• [About this exercise]
Repeat exactly, and only, the lines below starting at the line that contains "move=> [z [hz Xz]] Y YX." and ending at the line that contains "have [z [hz [Yz zX]]] := hX Y YX PY.", inclusive of both.

• [Listed records]
(* Let $\mathcal{E}=(E,\vdash)$ be an event structure and let $C$ be its set of left-closed configurations. Then: (1) if $\mathcal{E}$ is singular, $C$ is closed under bounded unions; (2) if $\mathcal{E}$ is conjunctive, $C$ is closed under nonempty intersections; (3) if $\mathcal{E}$ is locally conjunctive, $C$ is closed under bounded nonempty intersections; (4) if $\mathcal{E}$ has finite conflict, so does $(E,C)$; (5) if $\mathcal{E}$ has binary conflict, so does $(E,C)$; (6) if $\mathcal{E}$ is singular and has finite conflict, $C$ is closed under finitely consistent unions; (7) if $\mathcal{E}$ is singular and has binary conflict, $C$ is closed under pairwise consistent unions; (8) if $\mathcal{E}$ is locally conjunctive and has finite conflict, $C$ is closed under finitely consistent nonempty intersections; (9) if $\mathcal{E}$ is locally conjunctive and has binary conflict, $C$ is closed under pairwise consistent nonempty intersections.
   Context: An event structure is $(E,\vdash)$ with $\vdash\subseteq\mathcal{P}(E)\times\mathcal{P}(E)$; $X\subseteq E$ is a left-closed configuration iff for all $Y\subseteq X$ there is $Z\subseteq X$ with $Z\vdash Y$. For the event structure write $\mathrm{Con}(X)$ iff for every $Y\subseteq X$ there is $Z\subseteq E$ with $Z\vdash Y$. The event structure is singular if $X\vdash Y$ implies $X=\emptyset$ or $|Y|=1$; conjunctive if whenever $X_i\vdash Y$ for all $i\in I\neq\emptyset$ then $\bigcap_{i}X_i\vdash Y$; locally conjunctive if whenever $X_i\vdash Y$ for all $i\in I\ne\emptyset$ and $\mathrm{Con}(\bigcup_iX_i\cup Y)$ then $\bigcap_iX_i\vdash Y$; it has finite conflict if $\emptyset\vdash X$ for every infinite $X$; binary conflict if $\emptyset\vdash X$ for every $X$ with $|X|>2$. For a configuration structure $(E,C)$ ($C\subseteq\mathcal{P}(E)$): $X$ is consistent, $\mathrm{Con}_C(X)$, if $X\subseteq z$ for some $z\in C$; finitely consistent if every finite subset is consistent; pairwise consistent if every subset of size $\le2$ is consistent. $C$ is closed under bounded unions if $A\subseteq C$ and $\bigcup A$ consistent imply $\bigcup A\in C$; under nonempty intersections if $\emptyset\ne A\subseteq C$ implies $\bigcap A\in C$; under bounded nonempty intersections if $\emptyset\ne A\subseteq C$ and $\bigcup A$ consistent imply $\bigcap A\in C$; under finitely (resp. pairwise) consistent unions if $A\subseteq C$ and $\bigcup A$ finitely (resp. pairwise) consistent imply $\bigcup A\in C$; under finitely (resp. pairwise) consistent nonempty intersections if $\emptyset\ne A\subseteq C$ and $\bigcup A$ finitely (resp. pairwise) consistent imply $\bigcap A\in C$. $(E,C)$ has finite conflict if, for every $X\subseteq E$, whenever every finite $Y\subseteq X$ satisfies $Y\subseteq z\subseteq X$ for some $z\in C$, then $X\in C$; it has binary conflict if the same holds with ''finite $Y$'' replaced by ''$Y$ with $|Y|\le2$''. *)

From mathcomp Require Import all_boot.
From mathcomp Require Import boolp classical_sets cardinality.

Set Implicit Arguments.
Unset Strict Implicit.
Unset Printing Implicit Defensive.

Local Open Scope classical_set_scope.

Definition enabling (E : Type) := set E -> set E -> Prop.

Definition atmost2 (E : Type) (X : set E) : Prop :=
  forall a b c, X a -> X b -> X c -> a = b \/ a = c \/ b = c.

Section EventStructures.
Variable E : Type.
Implicit Types (ent : enabling E) (X Y Z : set E) (C A : set (set E)).

Definition lconf ent X : Prop :=
  forall Y, Y `<=` X -> exists Z, Z `<=` X /\ ent Z Y.

Definition Con ent X : Prop := forall Y, Y `<=` X -> exists Z, ent Z Y.

Definition singular ent : Prop :=
  forall X Y, ent X Y -> X = set0 \/ exists y, Y = [set y].

(* families {X_i}_{i in I}, I nonempty, are represented by nonempty sets of sets *)
Definition conjunctive ent : Prop :=
  forall (F : set (set E)) Y, F !=set0 -> (forall X, F X -> ent X Y) ->
    ent (\bigcap_(X in F) X) Y.

Definition locally_conjunctive ent : Prop :=
  forall (F : set (set E)) Y, F !=set0 -> (forall X, F X -> ent X Y) ->
    Con ent ((\bigcup_(X in F) X) `|` Y) ->
    ent (\bigcap_(X in F) X) Y.

Definition es_finite_conflict ent : Prop :=
  forall X, ~ finite_set X -> ent set0 X.

Definition es_binary_conflict ent : Prop :=
  forall X, ~ atmost2 X -> ent set0 X.

Definition ConC C X : Prop := exists z, C z /\ X `<=` z.

Definition fin_consistent C X : Prop :=
  forall Y, Y `<=` X -> finite_set Y -> ConC C Y.

Definition pair_consistent C X : Prop :=
  forall Y, Y `<=` X -> atmost2 Y -> ConC C Y.

Definition closed_bounded_unions C : Prop :=
  forall A, A `<=` C -> ConC C (\bigcup_(x in A) x) -> C (\bigcup_(x in A) x).

Definition closed_nonempty_intersections C : Prop :=
  forall A, A !=set0 -> A `<=` C -> C (\bigcap_(x in A) x).

Definition closed_bounded_nonempty_intersections C : Prop :=
  forall A, A !=set0 -> A `<=` C -> ConC C (\bigcup_(x in A) x) ->
    C (\bigcap_(x in A) x).

Definition closed_fin_consistent_unions C : Prop :=
  forall A, A `<=` C -> fin_consistent C (\bigcup_(x in A) x) ->
    C (\bigcup_(x in A) x).

Definition closed_pair_consistent_unions C : Prop :=
  forall A, A `<=` C -> pair_consistent C (\bigcup_(x in A) x) ->
    C (\bigcup_(x in A) x).

Definition closed_fin_consistent_nonempty_intersections C : Prop :=
  forall A, A !=set0 -> A `<=` C -> fin_consistent C (\bigcup_(x in A) x) ->
    C (\bigcap_(x in A) x).

Definition closed_pair_consistent_nonempty_intersections C : Prop :=
  forall A, A !=set0 -> A `<=` C -> pair_consistent C (\bigcup_(x in A) x) ->
    C (\bigcap_(x in A) x).

Definition cs_finite_conflict C : Prop :=
  forall X, (forall Y, Y `<=` X -> finite_set Y ->
               exists z, C z /\ Y `<=` z /\ z `<=` X) -> C X.

Definition cs_binary_conflict C : Prop :=
  forall X, (forall Y, Y `<=` X -> atmost2 Y ->
               exists z, C z /\ Y `<=` z /\ z `<=` X) -> C X.

End EventStructures.

From mathcomp Require Import all_boot.
From mathcomp Require Import boolp classical_sets cardinality.

(* A set Y below a union of configurations is enabled from inside the union:
   by singularity Y is empty-enabled or a singleton, and a singleton lies in
   one member, which enables it.  For an intersection, intersect the enabling
   sets chosen in each member; (local) conjunctivity says the result still
   enables Y, and it lies in every member.  Finite (binary) conflict makes
   every set that is not finite (of size at most 2) enabled from the empty
   set, so only the small subsets need to be checked, and those are covered
   by the finite (pairwise) consistency hypothesis. *)

Local Open Scope classical_set_scope.

Section LeftClosedConfigurations.
Variables (E : Type) (ent : enabling E).
Implicit Types (X Y U : set E) (A : set (set E)) (P : set E -> Prop).

Definition conjunctive_within U : Prop :=
  forall (F : set (set E)) Y, F !=set0 -> (forall X, F X -> ent X Y) ->
    (\bigcup_(X in F) X) `|` Y `<=` U -> ent (\bigcap_(X in F) X) Y.

Lemma conjunctive_within_all U : conjunctive ent -> conjunctive_within U.
Proof. by move=> cj F Y F0 FY _; exact: cj. Qed.

Lemma Con_subset X Y : Con ent X -> Y `<=` X -> Con ent Y.
Proof. by move=> hX YX W WY; exact: hX (subset_trans WY YX). Qed.

Lemma locally_conjunctive_within U :
  locally_conjunctive ent -> Con ent U -> conjunctive_within U.
Proof.
by move=> lc hU F Y F0 FY FYU; apply: lc => //; exact: Con_subset FYU.
Qed.

Lemma Con_bounded X : ConC (lconf ent) X -> Con ent X.
Proof.
move=> [z [hz Xz]] Y YX.
by have [Z [_ hZ]] := hz Y (subset_trans YX Xz); exists Z.
Qed.

Lemma Con_small_consistent P X :
  (forall Y, ~ P Y -> ent set0 Y) ->
  (forall Y, Y `<=` X -> P Y -> ConC (lconf ent) Y) -> Con ent X.
Proof.
move=> conflict hX Y YX.
have [PY|nPY] := pselect (P Y); last by exists set0; exact: conflict.
exact: Con_bounded (hX Y YX PY) Y (@subset_refl _ Y).
Qed.

Lemma lconf_small_covered P X :
  (forall Y, ~ P Y -> ent set0 Y) ->
  (forall Y, Y `<=` X -> P Y -> exists z, lconf ent z /\ Y `<=` z /\ z `<=` X) ->
  lconf ent X.
Proof.
move=> conflict hX Y YX.
have [PY|nPY] := pselect (P Y); last first.
  by exists set0; split; [exact: sub0set | exact: conflict].
have [z [hz [Yz zX]]] := hX Y YX PY.
have [Z [Zz hZ]] := hz Y Yz.
by exists Z; split => //; exact: subset_trans zX.
Qed.

Lemma lconf_bigcup A : singular ent -> A `<=` lconf ent ->
  Con ent (\bigcup_(x in A) x) -> lconf ent (\bigcup_(x in A) x).
Proof.
move=> sg AC hU Y YU.
have [Z hZ] := hU Y YU.
have [Z0|[y Yy]] := sg _ _ hZ; first by exists Z; split; [rewrite Z0; exact: sub0set|].
have [x Ax xy] : (\bigcup_(x in A) x) y by apply: YU; rewrite Yy.
have Yx : Y `<=` x by rewrite Yy => w ->.
have [Z' [Z'x hZ']] := AC x Ax Y Yx.
by exists Z'; split => // w /Z'x xw; exists x.
Qed.

Lemma lconf_bigcap A : A !=set0 -> A `<=` lconf ent ->
  conjunctive_within (\bigcup_(x in A) x) -> lconf ent (\bigcap_(x in A) x).
Proof.
move=> [x0 Ax0] AC cj Y YI.
have Yx x : A x -> Y `<=` x by move=> Ax w /YI; exact.
pose F := [set Z | exists2 x, A x & Z `<=` x /\ ent Z Y].
have F0 : F !=set0.
  by have [Z [Zx hZ]] := AC x0 Ax0 Y (Yx x0 Ax0); exists Z, x0.
exists (\bigcap_(X in F) X); split.
  move=> w Fw x Ax; have [Z [Zx hZ]] := AC x Ax Y (Yx x Ax).
  by apply: (Zx); apply: Fw; exists x.
apply: cj => //; first by move=> X [x _ []].
move=> w [[Z [x Ax [Zx _]] Zw]|Yw]; first by exists x => //; exact: Zx.
by exists x0 => //; exact: Yx.
Qed.

End LeftClosedConfigurations.

Theorem mainTheorem11 (E : Type) (ent : enabling E) :
  let C : set (set E) := lconf ent in
  (singular ent -> closed_bounded_unions C) /\
  (conjunctive ent -> closed_nonempty_intersections C) /\
  (locally_conjunctive ent -> closed_bounded_nonempty_intersections C) /\
  (es_finite_conflict ent -> cs_finite_conflict C) /\
  (es_binary_conflict ent -> cs_binary_conflict C) /\
  (singular ent -> es_finite_conflict ent -> closed_fin_consistent_unions C) /\
  (singular ent -> es_binary_conflict ent -> closed_pair_consistent_unions C) /\
  (locally_conjunctive ent -> es_finite_conflict ent ->
     closed_fin_consistent_nonempty_intersections C) /\
  (locally_conjunctive ent -> es_binary_conflict ent ->
     closed_pair_consistent_nonempty_intersections C).
Proof.
move=> C; split; [|split; [|split; [|split; [|split; [|split; [|split; [|split]]]]]]].
- by move=> sg A AC hA; apply: lconf_bigcup => //; exact: Con_bounded.
- by move=> cj A A0 AC; apply: lconf_bigcap => //; exact: conjunctive_within_all.
- move=> lc A A0 AC hA; apply: lconf_bigcap => //.
  by apply: locally_conjunctive_within => //; exact: Con_bounded.
- by move=> fc X; exact: lconf_small_covered fc.
- by move=> bc X; exact: lconf_small_covered bc.
- by move=> sg fc A AC hA; apply: lconf_bigcup => //; exact: Con_small_consistent hA.
- by move=> sg bc A AC hA; apply: lconf_bigcup => //; exact: Con_small_consistent hA.
- move=> lc fc A A0 AC hA; apply: lconf_bigcap => //.
  by apply: locally_conjunctive_within => //; exact: Con_small_consistent hA.
- move=> lc bc A A0 AC hA; apply: lconf_bigcap => //.
  by apply: locally_conjunctive_within => //; exact: Con_small_consistent hA.
Qed.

• [Task answer]
move=> [z [hz Xz]] Y YX.
by have [Z [_ hZ]] := hz Y (subset_trans YX Xz); exists Z.
Qed.

Lemma Con_small_consistent P X :
  (forall Y, ~ P Y -> ent set0 Y) ->
  (forall Y, Y `<=` X -> P Y -> ConC (lconf ent) Y) -> Con ent X.
Proof.
move=> conflict hX Y YX.
have [PY|nPY] := pselect (P Y); last by exists set0; exact: conflict.
exact: Con_bounded (hX Y YX PY) Y (@subset_refl _ Y).
Qed.

Lemma lconf_small_covered P X :
  (forall Y, ~ P Y -> ent set0 Y) ->
  (forall Y, Y `<=` X -> P Y -> exists z, lconf ent z /\ Y `<=` z /\ z `<=` X) ->
  lconf ent X.
Proof.
move=> conflict hX Y YX.
have [PY|nPY] := pselect (P Y); last first.
  by exists set0; split; [exact: sub0set | exact: conflict].
have [z [hz [Yz zX]]] := hX Y YX PY.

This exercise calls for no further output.